>>>

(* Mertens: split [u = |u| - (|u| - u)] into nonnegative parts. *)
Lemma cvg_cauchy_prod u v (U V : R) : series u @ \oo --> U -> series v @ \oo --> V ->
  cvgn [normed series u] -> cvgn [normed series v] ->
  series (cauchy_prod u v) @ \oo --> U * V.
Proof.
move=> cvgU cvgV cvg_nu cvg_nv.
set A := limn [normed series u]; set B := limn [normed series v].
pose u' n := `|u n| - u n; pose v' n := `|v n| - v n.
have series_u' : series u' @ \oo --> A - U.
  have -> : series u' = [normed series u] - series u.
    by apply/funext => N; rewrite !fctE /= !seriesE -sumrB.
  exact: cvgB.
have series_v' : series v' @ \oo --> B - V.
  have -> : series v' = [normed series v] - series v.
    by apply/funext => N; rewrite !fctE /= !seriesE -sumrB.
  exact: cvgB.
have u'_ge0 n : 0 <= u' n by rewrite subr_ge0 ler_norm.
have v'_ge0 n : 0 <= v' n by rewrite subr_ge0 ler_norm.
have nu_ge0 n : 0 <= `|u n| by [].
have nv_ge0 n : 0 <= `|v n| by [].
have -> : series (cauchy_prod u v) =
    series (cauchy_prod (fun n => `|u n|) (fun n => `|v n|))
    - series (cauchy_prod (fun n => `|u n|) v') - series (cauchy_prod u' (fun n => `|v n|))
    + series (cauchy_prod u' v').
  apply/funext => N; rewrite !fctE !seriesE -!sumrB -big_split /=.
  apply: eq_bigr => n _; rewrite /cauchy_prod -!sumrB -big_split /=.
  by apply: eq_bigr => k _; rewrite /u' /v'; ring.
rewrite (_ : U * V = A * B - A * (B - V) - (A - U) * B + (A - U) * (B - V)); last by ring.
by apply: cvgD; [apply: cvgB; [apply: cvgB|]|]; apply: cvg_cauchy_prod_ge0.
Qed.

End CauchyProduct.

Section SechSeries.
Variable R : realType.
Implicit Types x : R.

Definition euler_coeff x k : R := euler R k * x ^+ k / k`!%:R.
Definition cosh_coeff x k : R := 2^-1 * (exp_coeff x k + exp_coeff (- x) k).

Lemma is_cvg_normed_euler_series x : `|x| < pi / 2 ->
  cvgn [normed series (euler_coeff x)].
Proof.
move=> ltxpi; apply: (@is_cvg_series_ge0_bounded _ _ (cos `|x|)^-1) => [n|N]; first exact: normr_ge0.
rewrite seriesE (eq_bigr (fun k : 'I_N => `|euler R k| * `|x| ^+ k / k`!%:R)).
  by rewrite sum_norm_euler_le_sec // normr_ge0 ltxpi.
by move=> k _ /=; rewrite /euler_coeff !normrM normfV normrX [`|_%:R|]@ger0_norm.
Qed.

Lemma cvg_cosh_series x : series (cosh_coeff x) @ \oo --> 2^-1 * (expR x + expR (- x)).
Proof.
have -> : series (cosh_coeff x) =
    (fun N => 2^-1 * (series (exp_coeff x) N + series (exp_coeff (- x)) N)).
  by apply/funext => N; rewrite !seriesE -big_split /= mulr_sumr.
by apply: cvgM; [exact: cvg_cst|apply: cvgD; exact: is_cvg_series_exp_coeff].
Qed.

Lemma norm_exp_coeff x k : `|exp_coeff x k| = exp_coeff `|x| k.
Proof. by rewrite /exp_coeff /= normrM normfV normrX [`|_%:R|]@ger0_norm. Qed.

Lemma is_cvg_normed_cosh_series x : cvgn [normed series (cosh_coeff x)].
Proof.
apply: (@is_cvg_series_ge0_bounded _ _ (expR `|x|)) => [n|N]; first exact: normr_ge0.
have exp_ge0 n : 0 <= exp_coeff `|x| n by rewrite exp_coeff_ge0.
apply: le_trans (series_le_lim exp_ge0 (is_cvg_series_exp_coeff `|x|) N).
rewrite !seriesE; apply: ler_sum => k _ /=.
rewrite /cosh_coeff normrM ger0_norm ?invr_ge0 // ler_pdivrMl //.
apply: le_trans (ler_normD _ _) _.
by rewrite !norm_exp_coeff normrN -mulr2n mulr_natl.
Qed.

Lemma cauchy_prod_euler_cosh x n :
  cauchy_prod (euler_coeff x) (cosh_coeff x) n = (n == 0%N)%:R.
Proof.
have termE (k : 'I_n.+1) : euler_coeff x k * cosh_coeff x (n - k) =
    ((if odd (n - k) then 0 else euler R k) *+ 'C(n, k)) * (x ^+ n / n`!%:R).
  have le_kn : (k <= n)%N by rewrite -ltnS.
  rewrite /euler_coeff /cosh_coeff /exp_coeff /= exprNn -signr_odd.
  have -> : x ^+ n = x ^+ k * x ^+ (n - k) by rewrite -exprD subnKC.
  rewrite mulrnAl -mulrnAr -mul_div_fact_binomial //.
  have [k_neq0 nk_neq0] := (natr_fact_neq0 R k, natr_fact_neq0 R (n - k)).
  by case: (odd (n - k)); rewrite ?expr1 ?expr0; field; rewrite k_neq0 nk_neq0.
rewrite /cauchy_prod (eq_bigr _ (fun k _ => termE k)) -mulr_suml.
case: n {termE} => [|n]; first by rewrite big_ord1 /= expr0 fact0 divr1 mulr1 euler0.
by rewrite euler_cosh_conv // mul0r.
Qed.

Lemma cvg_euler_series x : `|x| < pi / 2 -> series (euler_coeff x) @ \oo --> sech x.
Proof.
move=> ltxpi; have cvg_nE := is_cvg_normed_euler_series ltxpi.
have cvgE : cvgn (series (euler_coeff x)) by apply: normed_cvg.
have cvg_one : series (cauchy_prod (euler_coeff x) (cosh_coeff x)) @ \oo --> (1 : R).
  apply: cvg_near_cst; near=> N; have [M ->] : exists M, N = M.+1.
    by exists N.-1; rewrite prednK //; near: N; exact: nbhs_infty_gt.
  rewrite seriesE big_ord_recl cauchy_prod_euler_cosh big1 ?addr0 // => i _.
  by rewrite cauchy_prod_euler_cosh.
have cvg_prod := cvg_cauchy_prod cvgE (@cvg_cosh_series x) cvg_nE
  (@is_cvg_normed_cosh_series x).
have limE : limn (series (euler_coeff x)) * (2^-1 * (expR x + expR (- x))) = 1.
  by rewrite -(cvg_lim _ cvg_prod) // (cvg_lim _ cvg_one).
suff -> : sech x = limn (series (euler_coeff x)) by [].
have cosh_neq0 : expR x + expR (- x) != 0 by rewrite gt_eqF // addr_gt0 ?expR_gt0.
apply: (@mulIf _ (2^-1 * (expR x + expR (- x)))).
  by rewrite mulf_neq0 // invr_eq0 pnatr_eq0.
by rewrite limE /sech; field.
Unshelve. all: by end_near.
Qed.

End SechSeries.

<<<

(WHAT IS BEING ASKED): Going line by line, set down the data above exactly as given.

(RESULT FOR THIS TASK):
(* Mertens: split [u = |u| - (|u| - u)] into nonnegative parts. *)
Lemma cvg_cauchy_prod u v (U V : R) : series u @ \oo --> U -> series v @ \oo --> V ->
  cvgn [normed series u] -> cvgn [normed series v] ->
  series (cauchy_prod u v) @ \oo --> U * V.
Proof.
move=> cvgU cvgV cvg_nu cvg_nv.
set A := limn [normed series u]; set B := limn [normed series v].
pose u' n := `|u n| - u n; pose v' n := `|v n| - v n.
have series_u' : series u' @ \oo --> A - U.
  have -> : series u' = [normed series u] - series u.
    by apply/funext => N; rewrite !fctE /= !seriesE -sumrB.
  exact: cvgB.
have series_v' : series v' @ \oo --> B - V.
  have -> : series v' = [normed series v] - series v.
    by apply/funext => N; rewrite !fctE /= !seriesE -sumrB.
  exact: cvgB.
have u'_ge0 n : 0 <= u' n by rewrite subr_ge0 ler_norm.
have v'_ge0 n : 0 <= v' n by rewrite subr_ge0 ler_norm.
have nu_ge0 n : 0 <= `|u n| by [].
have nv_ge0 n : 0 <= `|v n| by [].
have -> : series (cauchy_prod u v) =
    series (cauchy_prod (fun n => `|u n|) (fun n => `|v n|))
    - series (cauchy_prod (fun n => `|u n|) v') - series (cauchy_prod u' (fun n => `|v n|))
    + series (cauchy_prod u' v').
  apply/funext => N; rewrite !fctE !seriesE -!sumrB -big_split /=.
  apply: eq_bigr => n _; rewrite /cauchy_prod -!sumrB -big_split /=.
  by apply: eq_bigr => k _; rewrite /u' /v'; ring.
rewrite (_ : U * V = A * B - A * (B - V) - (A - U) * B + (A - U) * (B - V)); last by ring.
by apply: cvgD; [apply: cvgB; [apply: cvgB|]|]; apply: cvg_cauchy_prod_ge0.
Qed.

End CauchyProduct.

Section SechSeries.
Variable R : realType.
Implicit Types x : R.

Definition euler_coeff x k : R := euler R k * x ^+ k / k`!%:R.
Definition cosh_coeff x k : R := 2^-1 * (exp_coeff x k + exp_coeff (- x) k).

Lemma is_cvg_normed_euler_series x : `|x| < pi / 2 ->
  cvgn [normed series (euler_coeff x)].
Proof.
move=> ltxpi; apply: (@is_cvg_series_ge0_bounded _ _ (cos `|x|)^-1) => [n|N]; first exact: normr_ge0.
rewrite seriesE (eq_bigr (fun k : 'I_N => `|euler R k| * `|x| ^+ k / k`!%:R)).
  by rewrite sum_norm_euler_le_sec // normr_ge0 ltxpi.
by move=> k _ /=; rewrite /euler_coeff !normrM normfV normrX [`|_%:R|]@ger0_norm.
Qed.

Lemma cvg_cosh_series x : series (cosh_coeff x) @ \oo --> 2^-1 * (expR x + expR (- x)).
Proof.
have -> : series (cosh_coeff x) =
    (fun N => 2^-1 * (series (exp_coeff x) N + series (exp_coeff (- x)) N)).
  by apply/funext => N; rewrite !seriesE -big_split /= mulr_sumr.
by apply: cvgM; [exact: cvg_cst|apply: cvgD; exact: is_cvg_series_exp_coeff].
Qed.

Lemma norm_exp_coeff x k : `|exp_coeff x k| = exp_coeff `|x| k.
Proof. by rewrite /exp_coeff /= normrM normfV normrX [`|_%:R|]@ger0_norm. Qed.

Lemma is_cvg_normed_cosh_series x : cvgn [normed series (cosh_coeff x)].
Proof.
apply: (@is_cvg_series_ge0_bounded _ _ (expR `|x|)) => [n|N]; first exact: normr_ge0.
have exp_ge0 n : 0 <= exp_coeff `|x| n by rewrite exp_coeff_ge0.
apply: le_trans (series_le_lim exp_ge0 (is_cvg_series_exp_coeff `|x|) N).
rewrite !seriesE; apply: ler_sum => k _ /=.
rewrite /cosh_coeff normrM ger0_norm ?invr_ge0 // ler_pdivrMl //.
apply: le_trans (ler_normD _ _) _.
by rewrite !norm_exp_coeff normrN -mulr2n mulr_natl.
Qed.

Lemma cauchy_prod_euler_cosh x n :
  cauchy_prod (euler_coeff x) (cosh_coeff x) n = (n == 0%N)%:R.
Proof.
have termE (k : 'I_n.+1) : euler_coeff x k * cosh_coeff x (n - k) =
    ((if odd (n - k) then 0 else euler R k) *+ 'C(n, k)) * (x ^+ n / n`!%:R).
  have le_kn : (k <= n)%N by rewrite -ltnS.
  rewrite /euler_coeff /cosh_coeff /exp_coeff /= exprNn -signr_odd.
  have -> : x ^+ n = x ^+ k * x ^+ (n - k) by rewrite -exprD subnKC.
  rewrite mulrnAl -mulrnAr -mul_div_fact_binomial //.
  have [k_neq0 nk_neq0] := (natr_fact_neq0 R k, natr_fact_neq0 R (n - k)).
  by case: (odd (n - k)); rewrite ?expr1 ?expr0; field; rewrite k_neq0 nk_neq0.
rewrite /cauchy_prod (eq_bigr _ (fun k _ => termE k)) -mulr_suml.
case: n {termE} => [|n]; first by rewrite big_ord1 /= expr0 fact0 divr1 mulr1 euler0.
by rewrite euler_cosh_conv // mul0r.
Qed.

Lemma cvg_euler_series x : `|x| < pi / 2 -> series (euler_coeff x) @ \oo --> sech x.
Proof.
move=> ltxpi; have cvg_nE := is_cvg_normed_euler_series ltxpi.
have cvgE : cvgn (series (euler_coeff x)) by apply: normed_cvg.
have cvg_one : series (cauchy_prod (euler_coeff x) (cosh_coeff x)) @ \oo --> (1 : R).
  apply: cvg_near_cst; near=> N; have [M ->] : exists M, N = M.+1.
    by exists N.-1; rewrite prednK //; near: N; exact: nbhs_infty_gt.
  rewrite seriesE big_ord_recl cauchy_prod_euler_cosh big1 ?addr0 // => i _.
  by rewrite cauchy_prod_euler_cosh.
have cvg_prod := cvg_cauchy_prod cvgE (@cvg_cosh_series x) cvg_nE
  (@is_cvg_normed_cosh_series x).
have limE : limn (series (euler_coeff x)) * (2^-1 * (expR x + expR (- x))) = 1.
  by rewrite -(cvg_lim _ cvg_prod) // (cvg_lim _ cvg_one).
suff -> : sech x = limn (series (euler_coeff x)) by [].
have cosh_neq0 : expR x + expR (- x) != 0 by rewrite gt_eqF // addr_gt0 ?expR_gt0.
apply: (@mulIf _ (2^-1 * (expR x + expR (- x)))).
  by rewrite mulf_neq0 // invr_eq0 pnatr_eq0.
by rewrite limE /sech; field.
Unshelve. all: by end_near.
Qed.

End SechSeries.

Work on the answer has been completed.